MalTool Shows LLM Agents Can Run Hidden Malware

Agents

Published: Fri, Feb 13, 2026 • By Natalie Kestrel

Researchers build MalTool to test whether coding Large Language Models (LLMs) can automatically generate malicious tools for AI agents. The system produces thousands of malicious or trojanised tools, achieves a 1.0 attack success rate with a verifier, and exposes that common detectors often miss these threats, prompting calls for code vetting and runtime controls.

AI agents that extend themselves with third party tools are useful. They are also a new attack surface. A paper called MalTool examines what happens when an attacker hides malicious behaviour inside tool code rather than relying on deceptive names or descriptions. The study is targeted, methodical and, at times, quietly alarming.

How MalTool works

The authors focus on coding Large Language Models, a class of LLMs tuned to produce source code. They build a framework that instructs a coding LLM to generate tools exhibiting specified malicious behaviours mapped to the confidentiality, integrity and availability triad.
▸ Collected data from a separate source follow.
Definition cotangent_minus_zero (R : realType) (m : nat) : set (Pt R m) :=
  [set z | (w_xi1 z.2 != 0) \/ (w_xi' z.2 != 0)].

Fixpoint iterD (R : realType) (V : normedModType R) (vs : seq V)
    (f : V -> R) : V -> R :=
  match vs with
  | [::] => f
  | v :: vs' => fun x => 'D_v (iterD vs' f) x
  end.

Definition smooth_on (R : realType) (V : normedModType R) (U : set V)
    (f : V -> R) : Prop :=
  forall (vs : seq V) (x : V), U x ->
    (forall v : V, derivable (iterD vs f) x v) /\
    {for x, continuous (iterD vs f)}.

(* gamma = [a,b] x {w} is a bicharacteristic of Re p = xi_1 in T^*(R^n)\0 *)
Definition is_bichar (R : realType) (m : nat) (a b : R) (w : W R m) : Prop :=
  a <= b /\ w_xi1 w = 0 /\ w_xi' w != 0.

Definition strongly_changes_sign (R : realType) (m : nat)
    (q : Pt R m -> R) (a b : R) (w : W R m) : Prop :=
  (forall t, a <= t <= b -> q (t, w) = 0) /\
  (forall eps : R, 0 < eps ->
     exists sm sp : R, [/\ a - eps < sm < a, b < sp < b + eps &
                          q (sm, w) < 0 < q (sp, w)]).

Definition bichar_conv (R : realType) (m : nat)
    (A B : nat -> R) (Ws : nat -> W R m) (a b : R) (w : W R m) : Prop :=
  [/\ (a%:E <= limn_einf (fun j => (A j)%:E))%E,
      (limn_esup (fun j => (B j)%:E) <= b%:E)%E &
      Ws @ \oo --> w].
(* Let $\partial$ be a derivation of $\mathcal{H}_N'$ of degree $\bm 0$, i.e. $\partial(\mathbb{K}h_{\bm r})\subseteq\mathbb{K}h_{\bm r}$ for all $\bm r\in\mathbb{Z}^N$. Then there exist $c_1,\dots,c_N\in\mathbb{K}$ such that, with $h=\sum_{k=1}^N c_kD(e_k,\bm0)\in\mathfrak h$, we have $\partial=\operatorname{ad}(h)$ on $\mathcal{H}_N'$.
   Context: $\mathbb{K}$ is an algebraically closed field of characteristic zero, $N=2m\ge2$ even, $e_1,\dots,e_N$ standard basis, $(\cdot,\cdot)$ the bilinear form on $\mathbb{K}^N$ with $(e_i,e_j)=\delta_{ij}$. Let $A_N=\mathbb{K}[t_1^{\pm1},\dots,t_N^{\pm1}]$, $d_i=t_i\frac{\partial}{\partial t_i}$, $t^{\bm r}=t_1^{r_1}\cdots t_N^{r_N}$, $D(u,\bm r)=\sum_i u_it^{\bm r}d_i$ (so $D(e_k,\bm0)=d_k$). Let $\bm J=\begin{pmatrix} O_m & I_m\\ -I_m & O_m\end{pmatrix}$, $\overline{\bm r}=\bm J\bm r$, $h_{\bm r}=D(\overline{\bm r},\bm r)$, $\mathfrak h=\operatorname{span}_{\mathbb{K}}\{d_1,\dots,d_N\}$. The Hamiltonian Lie algebra $\mathcal{H}_N=\operatorname{span}_{\mathbb{K}}\{h_{\bm r}:\bm r\ne\bm0\}\oplus\mathfrak h$ has commutator bracket with $[h_{\bm r},h_{\bm s}]=(\overline{\bm r},\bm s)h_{\bm r+\bm s}$, $[D(u,\bm0),h_{\bm r}]=(u,\bm r)h_{\bm r}$; $\mathcal{H}_N'=\operatorname{span}_{\mathbb{K}}\{h_{\bm r}:\bm r\ne\bm0\}$ is an ideal, and $\operatorname{ad}(h)$ denotes the map $x\mapsto[h,x]$ restricted to $\mathcal{H}_N'$. *)

From HB Require Import structures.
From mathcomp Require Import all_boot all_order all_algebra.
From mathcomp Require Import finmap monalg.
Set Implicit Arguments. Unset Strict Implicit. Unset Printing Implicit Defensive.
Import Order.TTheory GRing.Theory Num.Theory.
Local Open Scope ring_scope.

Notation ZN m := 'cV[int]_(m + m).

Definition Jmat (m : nat) : 'M[int]_(m + m) :=
  block_mx 0 1%:M (- 1%:M) 0.

Definition rbar (m : nat) (r : ZN m) : ZN m := Jmat m *m r.

Definition bform (m : nat) (u v : ZN m) : int := \sum_(i < m + m) u i 0 * v i 0.

(* The vector space spanned by the h_r : finitely supported K-valued functions
   on Z^N; the basis vector h_r is <<r>> (coefficient 1 at r). H_N' is the
   subspace of those x with x@_0 = 0 (h_0 = D(0,0) = 0 in the paper). *)
Notation Hsp F m := {malg F[ZN m]}.

Definition inHp (F : fieldType) (m : nat) (x : Hsp F m) : Prop := x@_0 = 0.

Definition hb (F : fieldType) (m : nat) (r : ZN m) : Hsp F m := << r >>.

Definition hbr (F : fieldType) (m : nat) (x y : Hsp F m) : Hsp F m :=
  \sum_(r <- msupp x) \sum_(s <- msupp y)
     (x@_r * y@_s * (bform (rbar r) s)%:~R) *: hb F (r + s).

Definition pair_KZ (F : fieldType) (m : nat) (u : 'I_(m + m) -> F) (r : ZN m) : F :=
  \sum_(i < m + m) u i * (r i 0)%:~R.

(* ad(D(u,0)) restricted to H_N', the linear extension of
   [D(u,0), h_r] = (u, r) h_r. *)
Definition adD (F : fieldType) (m : nat) (u : 'I_(m + m) -> F) (x : Hsp F m) : Hsp F m :=
  \sum_(r <- msupp x) (x@_r * pair_KZ u r) *: hb F r.

Definition is_derivation (F : fieldType) (m : nat) (D : Hsp F m -> Hsp F m) : Prop :=
  [/\ (forall x, inHp x -> inHp (D x)),
      (forall (a : F) x y, inHp x -> inHp y -> D (a *: x + y) = a *: D x + D y)
    & (forall x y, inHp x -> inHp y -> D (hbr x y) = hbr (D x) y + hbr x (D y))].

Definition degree0 (F : fieldType) (m : nat) (D : Hsp F m -> Hsp F m) : Prop :=
  forall r : ZN m, r != 0 -> exists a : F, D (hb F r) = a *: hb F r.

From HB Require Import structures.
From mathcomp Require Import all_boot all_order all_algebra.
From mathcomp Require Import finmap monalg zify.
(* A degree-0 derivation acts diagonally, D h_r = b(r) h_r.  Applying D to
   [h_r, h_s] = w(r,s) h_(r+s), where w(r,s) = (J r, s), shows in characteristic
   0 that b(r+s) = b(r) + b(s) whenever w(r,s) <> 0.  Since w is nondegenerate,
   for nonzero r, s, r+s there is a t with w(r,t), w(s,t), w(r+s,t) all nonzero
   (avoid finitely many hyperplanes), and comparing the two ways of expanding
   b(r+s+t) gives additivity for every pair.  An additive b on Z^N is
   b(r) = sum_i r_i b(e_i), so D = ad(sum_i b(e_i) d_i). *)

Set Implicit Arguments. Unset Strict Implicit. Unset Printing Implicit Defensive.
Import GRing.Theory Num.Theory.
Local Open Scope ring_scope.

Lemma exists_int_affine_neq0 (s : seq (int * int)) :
  all (fun p => (p.1 != 0) || (p.2 != 0)) s ->
  exists k : int, all (fun p => p.1 + k * p.2 != 0) s.
Proof.
suff large_k : all (fun p => (p.1 != 0) || (p.2 != 0)) s ->
    exists N : int, forall k, N <= k -> all (fun p => p.1 + k * p.2 != 0) s.
  by move=> /large_k [N hN]; exists N; apply: hN.
elim: s => [|[a b] s IH] /=; first by exists 0.
case/andP=> hab /IH [N hN]; exists (`|N| + `|a| + 1) => k hk.
rewrite hN ?andbT; last by lia.
have [b0|nb] := eqVneq b 0; first by move: hab; rewrite b0; lia.
nia.
Qed.

Section SymplecticForm.
Variable m : nat.
Implicit Types u v w : ZN m.

Definition symp u v : int := bform (rbar u) v.

Lemma bformE u v : bform u v = (u^T *m v) 0 0.
Proof. by rewrite /bform mxE; apply: eq_bigr => i _; rewrite mxE. Qed.

Lemma tr_Jmat : (Jmat m)^T = - Jmat m.
Proof.
by rewrite /Jmat tr_block_mx !trmx0 trmx1 linearN /= trmx1 opp_block_mx !oppr0 opprK.
Qed.

Lemma trJmat_mulJ : (Jmat m)^T *m Jmat m = 1%:M.
Proof.
rewrite tr_Jmat /Jmat opp_block_mx mulmx_block !oppr0 !mulmx0 !mul0mx !addr0 !add0r.
by rewrite mulNmx mulmxN opprK !mul1mx opprK scalar_mx_block mulmx1.
Qed.

Lemma rbar_eq0 u : (rbar u == 0) = (u == 0).
Proof.
apply/eqP/eqP => [Ju0|->]; last by rewrite /rbar mulmx0.
by rewrite -[u]mul1mx -trJmat_mulJ -mulmxA -/(rbar u) Ju0 mulmx0.
Qed.

Lemma sympE u v : symp u v = (u^T *m (Jmat m)^T *m v) 0 0.
Proof. by rewrite /symp bformE /rbar trmx_mul. Qed.

Lemma symp_alt u : symp u u = 0.
Proof.
set M := u^T *m (Jmat m)^T *m u.
have trM : M^T = - M.
  by rewrite /M !trmx_mul !trmxK mulmxA tr_Jmat mulmxN mulNmx opprK.
have := congr1 (fun A : 'M_1 => A 0 0) trM; rewrite /= sympE -/M mxE [RHS]mxE.
by move: (M 0 0) => x; lia.
Qed.

Lemma sympDr u v w : symp u (v + w) = symp u v + symp u w.
Proof. by rewrite !sympE mulmxDr mxE. Qed.

Lemma sympNl u w : symp (- u) w = - symp u w.
Proof. by rewrite !sympE linearN /= !mulNmx mxE. Qed.

Lemma sympZr k u w : symp u (k *: w) = k * symp u w.
Proof. by rewrite !sympE -scalemxAr mxE. Qed.

Lemma symp0l w : symp 0 w = 0.
Proof. by rewrite sympE trmx0 !mul0mx mxE. Qed.

Lemma symp0r u : symp u 0 = 0.
Proof. by rewrite sympE mulmx0 mxE. Qed.

Lemma symp_rbar_eq0 u : (symp u (rbar u) == 0) = (u == 0).
Proof.
rewrite -rbar_eq0 /symp /bform psumr_eq0 => [|i _]; last exact: sqr_ge0.
apply/allP/eqP => [Ju0|-> i _]; last by rewrite mxE mulr0.
apply/matrixP => i j; rewrite ord1 [RHS]mxE.
by move: (Ju0 i (mem_index_enum i)); rewrite mulf_eq0 orbb => /eqP.
Qed.

Lemma exists_symp_neq0 (l : seq (ZN m)) :
  0 \notin l -> exists t, all (fun u => symp u t != 0) l.
Proof.
elim: l => [|u l IH]; first by exists 0.
rewrite inE negb_or eq_sym => /andP[nu /IH [t ht]].
have [|k hk] := @exists_int_affine_neq0 [seq (symp v t, symp v (rbar u)) | v <- u :: l].
  rewrite /= symp_rbar_eq0 nu orbT /= all_map.
  by apply/allP => v vl /=; rewrite (allP ht v vl).
exists (t + k *: rbar u); move: hk; rewrite all_map; apply: sub_all => v /=.
by rewrite sympDr sympZr mulrC.
Qed.

Lemma symp_nonorth_additive (G : zmodType) (b : ZN m -> G) :
    b 0 = 0 -> (forall u v, symp u v != 0 -> b (u + v) = b u + b v) ->
  {morph b : u v / u + v}.
Proof.
move=> b0 bD.
have bN u : b (- u) = - b u.
  have [->|nu] := eqVneq u 0; first by rewrite oppr0 b0 oppr0.
  have hu : symp u (rbar u) != 0 by rewrite symp_rbar_eq0.
  have hNu : symp (- u) (u + rbar u) != 0.
    by rewrite sympNl sympDr symp_alt add0r oppr_eq0.
  have := bD _ _ hNu; rewrite addKr (bD _ _ hu) addrA -[X in X = _]add0r.
  by move=> /addIr /esym /eqP; rewrite addr_eq0 => /eqP.
move=> u v.
have [->|nu] := eqVneq u 0; first by rewrite b0 !add0r.
have [->|nv] := eqVneq v 0; first by rewrite b0 !addr0.
have [uv0|nuv] := eqVneq (u + v) 0.
  have -> : v = - u by rewrite -(addKr u v) uv0 addr0.
  by rewrite subrr b0 bN subrr.
have [orth|] := eqVneq (symp u v) 0; last exact: bD.
have [t] : exists t, all (fun w => symp w t != 0) [:: u; v; u + v].
  by apply: exists_symp_neq0; rewrite !inE !negb_or ![0 == _]eq_sym nu nv nuv.
rewrite /= andbT => /and3P[ut vt uvt].
have uvt' : symp u (v + t) != 0 by rewrite sympDr orth add0r.
apply: (addIr (b t)).
by rewrite -(bD _ _ uvt) -addrA (bD _ _ uvt') (bD _ _ vt) addrA.
Qed.

End SymplecticForm.

Lemma additive_intvec_sum n (R : pzRingType) (b : 'cV[int]_n -> R) :
  {morph b : u v / u + v} -> forall r, b r = \sum_i b (delta_mx i 0) * (r i 0)%:~R.
Proof.
move=> bD.
have b0 : b 0 = 0 by apply: (addIr (b 0)); rewrite -bD !add0r.
pose bA : {additive 'cV[int]_n -> R} := HB.pack b (GRing.isNmodMorphism.Build _ _ b (conj b0 bD)).
have bMz v k : b (v *~ k) = b v *~ k := raddfMz bA k v.
move=> r; rewrite {1}[r]matrix_sum_delta (big_morph b bD b0).
by apply: eq_bigr => i _; rewrite big_ord1 -[X in X *: _]intz scaler_int bMz mulrzr.
Qed.

Section HamiltonianBracket.
Variables (F : fieldType) (m : nat).
Implicit Types (a c : F) (r s : ZN m).

Lemma msupp_scale_hb a r : msupp (a *: hb F r) = if a == 0 then fset0 else [fset r]%fset.
Proof. by rewrite msuppZ /hb msuppU (negbTE (oner_neq0 F)). Qed.

Lemma hbrZZ a c r s :
  hbr (a *: hb F r) (c *: hb F s) = (a * c * (symp r s)%:~R) *: hb F (r + s).
Proof.
(* Generalizing the two operands keeps later rewrites from unifying against
   [hb F _], whose unfolding into finite-map internals is very slow. *)
rewrite /hbr.
move: (a *: hb F r) (c *: hb F s) (mcoeffZ a (hb F r) r) (mcoeffZ c (hb F s) s)
  (msupp_scale_hb a r) (msupp_scale_hb c s).
rewrite /hb !mcoeffUU !mulr1 => x y xr ys -> ->.
have [->|_] := eqVneq a 0; first by rewrite big_seq_fset0 !mul0r scale0r.
have [->|_] := eqVneq c 0.
  by rewrite big_seq_fset1 big_seq_fset0 mulr0 mul0r scale0r.
by rewrite !big_seq_fset1 xr ys.
Qed.

Lemma hbr_hb r s : hbr (hb F r) (hb F s) = (symp r s)%:~R *: hb F (r + s).
Proof. by rewrite -[hb F r]scale1r -[hb F s]scale1r hbrZZ !mul1r. Qed.

Lemma hbrZl a r s : hbr (a *: hb F r) (hb F s) = (a * (symp r s)%:~R) *: hb F (r + s).
Proof. by rewrite -[hb F s]scale1r hbrZZ mulr1. Qed.

Lemma hbrZr c r s : hbr (hb F r) (c *: hb F s) = (c * (symp r s)%:~R) *: hb F (r + s).
Proof. by rewrite -[hb F r]scale1r hbrZZ mul1r. Qed.

Lemma scale_hb_inj r : injective (fun a => a *: hb F r).
Proof.
move=> a c /(congr1 (mcoeff r)).
by rewrite [LHS]mcoeffZ [RHS]mcoeffZ /hb mcoeffUU !mulr1.
Qed.

Lemma inHp0 : @inHp F m 0.
Proof. exact: mcoeff0. Qed.

Lemma hb_inHp r : r != 0 -> inHp (hb F r).
Proof. by move=> nr; rewrite /inHp /hb mcoeffU (negbTE nr). Qed.

Lemma inHp_notin_msupp (x : Hsp F m) : inHp x -> 0 \notin msupp x.
Proof. by move=> x0; rewrite -mcoeff_neq0 negbK; apply/eqP. Qed.

Lemma inHp_sum_hb (l : seq (ZN m)) (f : ZN m -> F) :
  0 \notin l -> inHp (\sum_(r <- l) f r *: hb F r).
Proof.
move=> l0; rewrite /inHp raddf_sum big_seq big1 // => r rl /=.
by rewrite mcoeffZ hb_inHp ?mulr0 //; apply: contraNneq l0 => <-.
Qed.

Lemma monalg_hbE (x : Hsp F m) : x = \sum_(r <- msupp x) x@_r *: hb F r.
Proof.
rewrite {1}[x]monalgE; apply: eq_bigr => r _; apply/malgP => k.
by rewrite [LHS]mcoeffU [RHS]mcoeffZ [X in _ * X]mcoeffU mulr_natr.
Qed.

End HamiltonianBracket.

Arguments inHp0 {F m}.
Arguments hb_inHp {F m r}.

Lemma pchar0_intr_eq0 (F : fieldType) (k : int) :
  [pchar F] =i pred0 -> (k%:~R == 0 :> F) = (k == 0).
Proof. by move=> /pcharf0P charF; case: k => n; rewrite /intmul ?oppr_eq0 charF. Qed.

Section DegreeZeroDerivation.
Variables (F : fieldType) (m : nat) (D : Hsp F m -> Hsp F m).
Hypotheses (derD : is_derivation D) (deg0D : degree0 D).
Implicit Types (a : F) (r s : ZN m) (x : Hsp F m).

Lemma derivation0 : D 0 = 0.
Proof.
have [_ Dlin _] := derD; have := Dlin 1 0 0 inHp0 inHp0.
by rewrite scaler0 addr0 scale1r -[X in X = _]addr0 => /addrI.
Qed.

Lemma derivationZ a x : inHp x -> D (a *: x) = a *: D x.
Proof.
have [_ Dlin _] := derD => x0.
by rewrite -[a *: x]addr0 (Dlin _ _ _ x0 inHp0) derivation0 addr0.
Qed.

Lemma derivation_sum_hb (l : seq (ZN m)) (f : ZN m -> F) : 0 \notin l ->
  D (\sum_(r <- l) f r *: hb F r) = \sum_(r <- l) f r *: D (hb F r).
Proof.
have [_ Dlin _] := derD.
elim: l => [|r l IH]; first by rewrite [in LHS]big_nil [RHS]big_nil derivation0.
rewrite inE negb_or eq_sym => /andP[nr l0].
rewrite [in LHS]big_cons [RHS]big_cons Dlin ?IH //.
- exact: hb_inHp.
- exact: inHp_sum_hb.
Qed.

Lemma derivation_expand x : inHp x -> D x = \sum_(r <- msupp x) x@_r *: D (hb F r).
Proof.
by move=> x0; rewrite -derivation_sum_hb ?inHp_notin_msupp // -monalg_hbE.
Qed.

Definition eigval r : F := if r == 0 then 0 else (D (hb F r))@_r.

Lemma derivation_hb r : r != 0 -> D (hb F r) = eigval r *: hb F r.
Proof.
move=> nr; rewrite /eigval (negbTE nr); have [a ->] := deg0D nr.
by rewrite [in RHS]mcoeffZ /hb mcoeffUU mulr1.
Qed.

Hypothesis charF : [pchar F] =i pred0.

Lemma eigvalD_nonorth r s : symp r s != 0 -> eigval (r + s) = eigval r + eigval s.
Proof.
move=> rs; have [_ _ Dlie] := derD.
have nr : r != 0 by apply: contraNneq rs => ->; rewrite symp0l.
have ns : s != 0 by apply: contraNneq rs => ->; rewrite symp0r.
have nrs : r + s != 0.
  apply: contraNneq rs => rs0.
  by rewrite -[symp r s]add0r -{1}(symp_alt r) -sympDr rs0 symp0r.
have := Dlie _ _ (hb_inHp nr) (hb_inHp ns).
rewrite (derivation_hb nr) (derivation_hb ns) hbrZl hbrZr hbr_hb.
rewrite (derivationZ _ (hb_inHp nrs)) (derivation_hb nrs) scalerA -scalerDl.
move/scale_hb_inj; rewrite mulrC -mulrDl; apply: mulIf.
by rewrite pchar0_intr_eq0.
Qed.

Lemma eigvalD : {morph eigval : r s / r + s}.
Proof. by apply: symp_nonorth_additive eigvalD_nonorth; rewrite /eigval eqxx. Qed.

Lemma eigval_linear r : eigval r = pair_KZ (fun i => eigval (delta_mx i 0)) r.
Proof. exact: additive_intvec_sum eigvalD r. Qed.

End DegreeZeroDerivation.

Theorem lemma4p4 (F : closedFieldType) (m : nat)
  (charF : [pchar F] =i pred0) (hm : (0 < m)%N)
  (D : Hsp F m -> Hsp F m) :
  is_derivation D -> degree0 D ->
  exists c : 'I_(m + m) -> F,
    forall x : Hsp F m, inHp x -> D x = adD c x.
Proof.
move=> derD deg0D; exists (fun i => eigval D (delta_mx i 0)) => x x0.
rewrite (derivation_expand derD x0) /adD; apply: eq_big_seq => r rx.
have nr : r != 0 by apply: contraNneq (inHp_notin_msupp x0) => <-.
by rewrite (derivation_hb deg0D nr) scalerA (eigval_linear derD deg0D charF).
Qed.
Lemma logn_fact_addn_small b : b < p ^ s -> logn p (u + b)`! = logn p u`! + logn p b`!.
Proof.
elim: b => [|b IH] lt_b; first by rewrite addn0 logn1 addn0.
rewrite addnS !logn_factS IH ?(ltnW lt_b) // -addnS logn_addn_small //; lia.
Qed.

Lemma prime_ndvd_bin_addn_small b : b < p ^ s -> ~~ (p %| 'C(u + b, u)).
Proof.
move=> lt_b; have := bin_fact (leq_addr b u); rewrite addKn.
move/(congr1 (logn p)); rewrite !lognM ?muln_gt0 ?fact_gt0 ?bin_gt0 ?leq_addr //.
rewrite logn_fact_addn_small // -[X in _ = X]add0n => /addIn log0.
by rewrite -[p]expn1 pfactor_dvdn ?bin_gt0 ?leq_addr // log0.
Qed.

End NoCarry.

(** * Stirling numbers of the second kind *)

Fixpoint stirling2 (l i : nat) : nat :=
  match l, i with
  | 0, 0 => 1
  | 0, _.+1 | _.+1, 0 => 0
  | l'.+1, i'.+1 => i'.+1 * stirling2 l' i'.+1 + stirling2 l' i'
  end.

Lemma stirling2SS l i :
  stirling2 l.+1 i.+1 = i.+1 * stirling2 l i.+1 + stirling2 l i.
Proof. by []. Qed.

Lemma stirling2_small l i : l < i -> stirling2 l i = 0.
Proof. by elim: l i => [|l IH] [|i] //= lt_li; rewrite !IH ?muln0 // ltnW. Qed.

Lemma stirling2nn l : stirling2 l l = 1.
Proof. by elim: l => [//|l IH] /=; rewrite IH stirling2_small ?muln0. Qed.

Lemma stirling2S1 l : stirling2 l.+1 1 = 1.
Proof. by elim: l => [//|l IH]; rewrite /= in IH *; rewrite IH. Qed.

Lemma mul_ffact j i : j * j ^_ i = j ^_ i.+1 + i * j ^_ i.
Proof.
have [le_ij|lt_ji] := leqP i j.
  by rewrite ffactnSr [_ * (j - i)]mulnC -mulnDl subnK.
by rewrite ffact_small // ffact_small ?muln0 // ltnW.
Qed.

Lemma expn_stirling2 j l : j ^ l = \sum_(i < l.+1) stirling2 l i * j ^_ i.
Proof.
elim: l => [|l IH]; first by rewrite big_ord_recl big_ord0.
rewrite expnS IH big_distrr /=.
under eq_bigr do rewrite mulnCA mul_ffact mulnDr mulnCA mulnA.
rewrite big_split /= [RHS]big_ord_recl /= mul0n add0n.
under [in RHS]eq_bigr do rewrite /bump /= add1n mulnDl.
rewrite big_split /= addnC; congr (_ + _).
rewrite big_ord_recl /= mul0n add0n big_ord_recr /= stirling2_small // muln0 addn0.
by apply: eq_bigr => i _; rewrite /bump /= add1n.
Qed.

Lemma odd_stirling2_diag m u : 0 < m ->
  odd (stirling2 (m + u) m) = odd 'C(u + (m.-1)./2, u).
Proof.
elim: m u => [//|[|m] IH] u _; first by rewrite add1n stirling2S1 addn0 binn.
elim: u => [|u IHu]; first by rewrite addn0 stirling2nn bin0.
rewrite addnS stirling2SS oddD oddM IHu (addSnnS m.+1 u) (IH u.+1) //.
rewrite /= uphalf_half negbK.
by case: (odd m); rewrite /= ?add0n // !add1n !addnS !addSn [in RHS]binS oddD addbC.
Qed.

Lemma odd_stirling2 {m l : nat} : 0 < m -> m <= l -> 2 ^ trunc_log 2 m %| l - m ->
  odd (stirling2 l m).
Proof.
move=> m_gt0 le_ml dvd_lm; rewrite -(subnKC le_ml) odd_stirling2_diag //.
have lt_half : (m.-1)./2 < 2 ^ trunc_log 2 m.
  by have := trunc_log_ltn m (isT : 1 < 2); rewrite expnS; lia.
have := prime_ndvd_bin_addn_small (isT : prime 2) dvd_lm _ lt_half.
by rewrite dvdn2 negbK.
Qed.

(** * Even parts of binomial expansions *)

Lemma ffactS n m : n.+1 ^_ m = n ^_ m + m * n ^_ m.-1.
Proof. by case: m => [|m] //; rewrite ffactSS mulSn mul_ffact /=; lia. Qed.

Lemma sum_binS (f : nat -> nat) i :
  \sum_(k < i.+2) 'C(i.+1, k) * f k = \sum_(k < i.+1) 'C(i, k) * (f k + f k.+1).
Proof.
rewrite big_ord_recl; under eq_bigr do rewrite binS mulnDl.
rewrite big_split /= addnA; under [RHS]eq_bigr do rewrite mulnDr.
rewrite big_split /=; congr (_ + _).
by rewrite big_ord_recr [RHS]big_ord_recl /= (bin_small (ltnSn i)) mul0n addn0 !bin0.
Qed.

Definition even_ffact t k := if odd k then 0 else k./2 ^_ t.
Definition odd_ffact t k := if odd k then k./2 ^_ t else 0.

Lemma odd_ffactS t k : odd_ffact t k.+1 = even_ffact t k.
Proof. by rewrite /odd_ffact /even_ffact /= uphalf_half; case: odd. Qed.

Lemma even_ffactS t k : even_ffact t k.+1 = odd_ffact t k + t * odd_ffact t.-1 k.
Proof.
by rewrite /odd_ffact /even_ffact /= uphalf_half; case: odd; rewrite ?muln0 // ffactS.
Qed.

Lemma even_ffactSS t k : 2 * even_ffact t.+1 k.+1 = k.+1 * odd_ffact t k.
Proof.
rewrite /odd_ffact /even_ffact /= uphalf_half.
case: (boolP (odd k)) => [odd_k|]; rewrite ?muln0 //= ffactSS mulnA.
by congr (_ * _); have := odd_double_half k; rewrite odd_k -addnn; lia.
Qed.

(* [bin_even_ffact i t] is the [t]-th derivative at [1] of the even part
   [\sum_s 'C(i, 2 s) z ^ s] of [(1 + x) ^ i] in [z = x ^ 2]. *)
Definition bin_even_ffact i t := \sum_(k < i.+1) 'C(i, k) * even_ffact t k.
Definition bin_odd_ffact i t := \sum_(k < i.+1) 'C(i, k) * odd_ffact t k.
An automated verifier then checks whether the generated tool actually performs the targeted malicious action and whether its structure differs sufficiently from earlier samples. The verifier feeds back to the generator until the tool passes.

Using this pipeline the researchers produce two malicious tool corpora. Dataset I contains 1,200 standalone malicious tools. Dataset II contains 5,287 real world tools with embedded malicious functions, essentially trojanised versions of benign projects. The paper reports an attack success rate of 1.0 across behaviours and multiple coding LLMs when the verifier is used, and shows that even safety aligned models can produce working malicious code, although efficiency varies by model.

The team evaluates existing detection approaches, including commercial malware scanners such as VirusTotal and several LLM based detectors. Detection performance is uneven. VirusTotal shows high false negative rates and some targeted behaviours, notably resource hijacking and denial of service, are particularly hard to detect. Benign tools can trigger false positives in some detectors, which complicates practical deployment of automated checks.

What the paper misses or understates

The study is careful about its scope. It runs on locally controlled infrastructure, uses synthetic attack instantiations and focuses on code level analysis rather than end to end system protections. That matters. A real attacker will chain stages, exploit environmental assumptions, and test evasions beyond what a verifier checks. The authors note these limitations, and they also caution that their benign dataset may itself contain undisclosed malicious instances that could affect false positive rates.

Still, the central finding stands: coding LLMs can be leveraged to produce operational malicious tools at scale and common detectors struggle to catch them. That combination makes the risk realistic rather than theoretical. The paper adds value by releasing large benign tool datasets for benchmarking, which ought to help defenders measure detection at scale.

The research supports a narrow set of practical responses. Code level vetting at distribution points, stronger runtime monitoring and tighter isolation when agents run third party tools are reasonable mitigations that the authors advocate. The work does not offer a silver bullet; it shows where defenders need to work harder and where current tooling fails.

For security teams the paper is a prompt to treat agent toolchains like any other supply chain: assume code can be malicious, validate behaviour beyond names and descriptions, and build layered controls rather than trusting any single detector or model alignment claim.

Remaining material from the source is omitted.